Across the entries below, how many lines have the word "adjacent" in them? Respond with only the number.

Information shown below:

(* Let $\Gamma$ be a finite simplicial graph with vertex set $V=\{a_0,\ldots,a_{n-1}\}$ ($n\ge1$), let $M$ be a positive integer, $B(M)=\{w\in A(\Gamma):\|w\|\le M\}$, and let $\sigma$ be defined on words as in the context. Then: (1) $\sigma$ gives a well-defined map $B(M)\to A(\Gamma)$; that is, if two words $s_1^{e_1}\cdots s_\ell^{e_\ell}$ and $t_1^{d_1}\cdots t_\ell^{d_\ell}$ of length $\ell=\|w\|$ represent the same element $w\in B(M)$, then their images under $\sigma$ are equal in $A(\Gamma)$. (2) If $s_1^{e_1}\cdots s_\ell^{e_\ell}$ is a canonical expression for $w\in B(M)$ and $\sigma(w)=s_1^{N_1}\cdots s_\ell^{N_\ell}$ as in the context, then $(s_1^{N_1},\ldots,s_\ell^{N_\ell})$ is a subsequence of the sequence $(u_i)_{i\ge0}$, i.e. there are indices $j_1<j_2<\cdots<j_\ell$ with $s_k^{N_k}=u_{j_k}$ for all $k$.
   Context: $A(\Gamma)=\langle V\mid[a,b]=1\text{ for }\{a,b\}\in E(\Gamma)\rangle$; $\|w\|$ is the word length with respect to $V$. For a word $s_1^{e_1}\cdots s_\ell^{e_\ell}$ ($s_i\in V$, $e_i\in\{\pm1\}$, $\ell=\|w\|$) representing $w$, its right-counting vector $(f_1,\ldots,f_\ell)$ has $f_i=\min\|y\|$ over $y\in A(\Gamma)$ such that $s_i^{e_i}\cdots s_\ell^{e_\ell}=x\,s_i^{e_i}\,y$ for some $x\in\langle\mathrm{lk}_\Gamma(s_i)\rangle$ ($\mathrm{lk}_\Gamma(s)$ = vertices adjacent to $s$). The word is a canonical expression if (A) $f_1\ge\cdots\ge f_\ell$ and (B) whenever $f_i=f_j$, $i<j$, $s_i=a_p$, $s_j=a_q$, then $p<q$ and $[a_p,a_q]=1$. Define $N_i=\frac{3e_i-1}{2}\cdot 4^{M-1-f_i}$ and $\sigma(s_1^{e_1}\cdots s_\ell^{e_\ell})=s_1^{N_1}s_2^{N_2}\cdots s_\ell^{N_\ell}\in A(\Gamma)$. The sequence $(u_i)$: for $i\ge0$, $0\le j<2n$, $u_{2ni+j}=a_{\lfloor j/2\rfloor}^{\,r_{i,j}}$ with $r_{i,j}=(-2)^{2i+j-2\lfloor j/2\rfloor}$ (so $u_0=a_0,u_1=a_0^{-2},u_2=a_1,u_3=a_1^{-2},\ldots,u_{2n}=a_0^4,u_{2n+1}=a_0^{-8},\ldots$). *)

From mathcomp Require Import all_boot all_order all_algebra.
Set Implicit Arguments. Unset Strict Implicit. Unset Printing Implicit Defensive.
Import GRing.Theory Num.Theory.

(* A letter s^e : vertex s, sign e (true = +1, false = -1). *)
Definition letter (n : nat) := ('I_n * bool)%type.
Definition word (n : nat) := seq (letter n).
Definition linv n (x : letter n) : letter n := (x.1, ~~ x.2).

(* Equality in A(Gamma) = <V | [a,b]=1, {a,b} in E(Gamma)>: the congruence on
   words generated by free cancellation and commutation of adjacent generators. *)
Inductive raag_eq (n : nat) (e : rel 'I_n) : word n -> word n -> Prop :=
| re_refl s : raag_eq e s s
| re_sym s t : raag_eq e s t -> raag_eq e t s
| re_trans s t r : raag_eq e s t -> raag_eq e t r -> raag_eq e s r
| re_free u w x : raag_eq e (u ++ x :: linv x :: w) (u ++ w)
| re_comm u w x y : e x.1 y.1 -> raag_eq e (u ++ x :: y :: w) (u ++ y :: x :: w).

Definition geodesic n (e : rel 'I_n) (s : word n) : Prop :=
  forall t, raag_eq e s t -> (size s <= size t)%N.

Definition is_min (P : nat -> Prop) (m : nat) : Prop :=
  P m /\ forall k, P k -> (m <= k)%N.
Lemma rot_eq_lnext v y : v \notin C -> adj v y -> rot v y = lnext v -> y = center_of v.
Proof.
by move=> vC avy; apply: (rot_inj_adj cub rs); rewrite /= ?unfold_in ?adj_center_of.
Qed.

Definition paired_leaves := [set v in ~: C | lnext (lnext v) == v].
Definition face_leaves := [set v in ~: C | lprev (lnext v) == v].
Definition face_partner v := rot (center_of (lnext v)) (lnext v).

Lemma in_paired_leaves v : (v \in paired_leaves) = (v \notin C) && (lnext (lnext v) == v).
Proof. by rewrite 2!in_set. Qed.

Lemma in_face_leaves v : (v \in face_leaves) = (v \notin C) && (lprev (lnext v) == v).
Proof. by rewrite 2!in_set. Qed.

Hypothesis phf : pent_hex_faces adj rot.

Local Notation fs := (face_step rot).

Lemma face_leaves_three_steps v : v \in face_leaves ->
  let x := face_partner v in
  x \notin C /\ iter 3 fs (v, lnext v) = (x, lnext x).
Proof.
rewrite in_face_leaves => /andP[vC /eqP prev_w] x.
have wC := lnext_leaf vC; have cC := (center_of_leaf wC).1.
have acx : adj (center_of (lnext v)) x.
  by apply: (adj_rot rs); rewrite adj_sym adj_center_of.
have xC := (center_star cC).2 _ acx.
have [_ _ _ rot_prev] := leaf_rotation wC.
have rot_wv : rot (lnext v) v = center_of (lnext v) by rewrite -{2}prev_w rot_prev.
have center_x : center_of x = center_of (lnext v).
  by apply: center_of_adj_center cC; rewrite adj_sym.
by split=> //; rewrite /= /face_step /= rot_wv /lnext center_x.
Qed.

Lemma face_partner_spec v : v \in face_leaves ->
  [/\ face_partner v \in face_leaves, face_partner (face_partner v) = v &
      face_partner v != v].
Proof.
move=> vF; have vC : v \notin C by move: vF; rewrite in_face_leaves => /andP[].
have [xC face3] := face_leaves_three_steps vF.
set x := face_partner v in xC face3 *; set z := lnext x.
have zC : z \notin C := lnext_leaf xC.
have dD : (v, lnext v) \in darts adj by rewrite inE; have [] := leaf_rotation vC.
have dart_from_x n : iter n fs (x, z) \in darts adj.
  by rewrite -face3 -iterD; apply: iter_face_step_dart.
have [face_len _] := phf dD; rewrite card_face_of in face_len.
have := iter_face_order cub rs adj_sym dD.
case: face_len => face_n; rewrite face_n; [rewrite -[5]/(2 + 3) | rewrite -[6]/(3 + 3)];
  rewrite iterD face3 /= /face_step /=.
  move=> [zx_v]; rewrite zx_v => rot_vz.
  have := dart_from_x 1; rewrite inE /= zx_v adj_sym => avz.
  by move: zC; rewrite (rot_eq_lnext vC avz rot_vz) (center_of_leaf vC).1.
set y := rot z x => -[yz_v]; rewrite yz_v => rot_vy.
have := dart_from_x 2; rewrite inE /= yz_v adj_sym => avy.
have yC : y \in C.
  have -> : y = center_of v by exact: rot_eq_lnext vC avy rot_vy.
  exact: (center_of_leaf vC).1.
have azy : adj z y by have := dart_from_x 1; rewrite inE.
have x_prev : x = lprev z.
  have [_ az_prev _ rot_prev] := leaf_rotation zC.
  apply: (rot_inj_adj cub rs (v := z)); rewrite ?unfold_in //.
    by have := dart_from_x 0; rewrite inE adj_sym.
  by rewrite rot_prev (center_of_adj_center azy yC).
split.
- by rewrite in_face_leaves xC -x_prev /=.
- by rewrite /face_partner (center_of_adj_center azy yC).
- have := face_vertex_neq phf (i := 0) (k := 3) dD.
  by rewrite face3 face_n eq_sym => ->.
Qed.
(* Each Kleene iterate of [G p] is continuous in [p]; exchanging the two suprema
   gives continuity of the least fixed point. *)
Lemma lfp_family_continuous G L : omega_continuous2 G ->
  (forall p, is_sup R (fun n => Nat.iter n (G p) bot) (L p)) -> omega_continuous L.
Proof.
  intros HG HL c s Hc Hs.
  assert (Hiter : forall n, increasing_chain R (fun k => Nat.iter n (G (c k)) bot) /\
                  is_sup R (fun k => Nat.iter n (G (c k)) bot) (Nat.iter n (G s) bot)).
  { intro n; induction n as [|n [Hch Hsup]]; simpl.
    - split; [apply const_chain | apply is_sup_const].
    - split; [intro k; apply omega_continuous2_monotone; auto | apply HG; auto]. }
  split.
  - intro k; apply (HL (c k)); intro n.
    apply po_trans with (Nat.iter n (G s) bot); [apply (Hiter n) | apply (HL s)].
  - intros u Hu; apply (HL s); intro n; apply (Hiter n); intro k.
    apply po_trans with (L (c k)); [apply (HL (c k)) | apply Hu].
Qed.
End Kleene.

End OmegaChains.

Section Pointwise.
Variables (X A : Type) (R : A -> A -> Prop).
Hypothesis R_po : is_partial_order R.
Hypothesis R_sups : forall c, increasing_chain R c -> exists s, is_sup R c s.

Definition pointwise (f g : X -> A) : Prop := forall x, R (f x) (g x).

Lemma pointwise_po : is_partial_order pointwise.
Proof.
  split; [| split].
  - intros f x; apply (po_refl R_po).
  - intros f g h Hfg Hgh x; eapply (po_trans R_po); eauto.
  - intros f g Hfg Hgf; extensionality x; apply (po_antisym R_po); auto.
Qed.

Lemma is_sup_pointwise c s :
  (forall x, is_sup R (fun n => c n x) (s x)) -> is_sup pointwise c s.
Proof.
  intro Hs; split.
  - intros n x; apply Hs.
  - intros u Hu x; apply Hs; intro n; apply Hu.
Qed.

Definition pointwise_sup (c : nat -> X -> A) (x : X) : A :=
  epsilon (inhabits (c 0 x)) (is_sup R (fun n => c n x)).

Lemma pointwise_sup_spec c x :
  increasing_chain pointwise c -> is_sup R (fun n => c n x) (pointwise_sup c x).
Proof. intro Hc; unfold pointwise_sup; apply epsilon_spec, R_sups; intro n; apply Hc. Qed.

Lemma pointwise_sups c : increasing_chain pointwise c -> exists s, is_sup pointwise c s.
Proof.
  intro Hc; exists (pointwise_sup c); apply is_sup_pointwise; intro x.
  apply pointwise_sup_spec, Hc.
Qed.

Lemma is_sup_at c s x :
  increasing_chain pointwise c -> is_sup pointwise c s -> is_sup R (fun n => c n x) (s x).
Proof.
  intros Hc Hs.
  replace s with (pointwise_sup c); [apply pointwise_sup_spec, Hc |].
  apply (is_sup_unique pointwise_po) with c; auto.
  apply is_sup_pointwise; intro y; apply pointwise_sup_spec, Hc.
Qed.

End of Information shown.

Expected answer:
2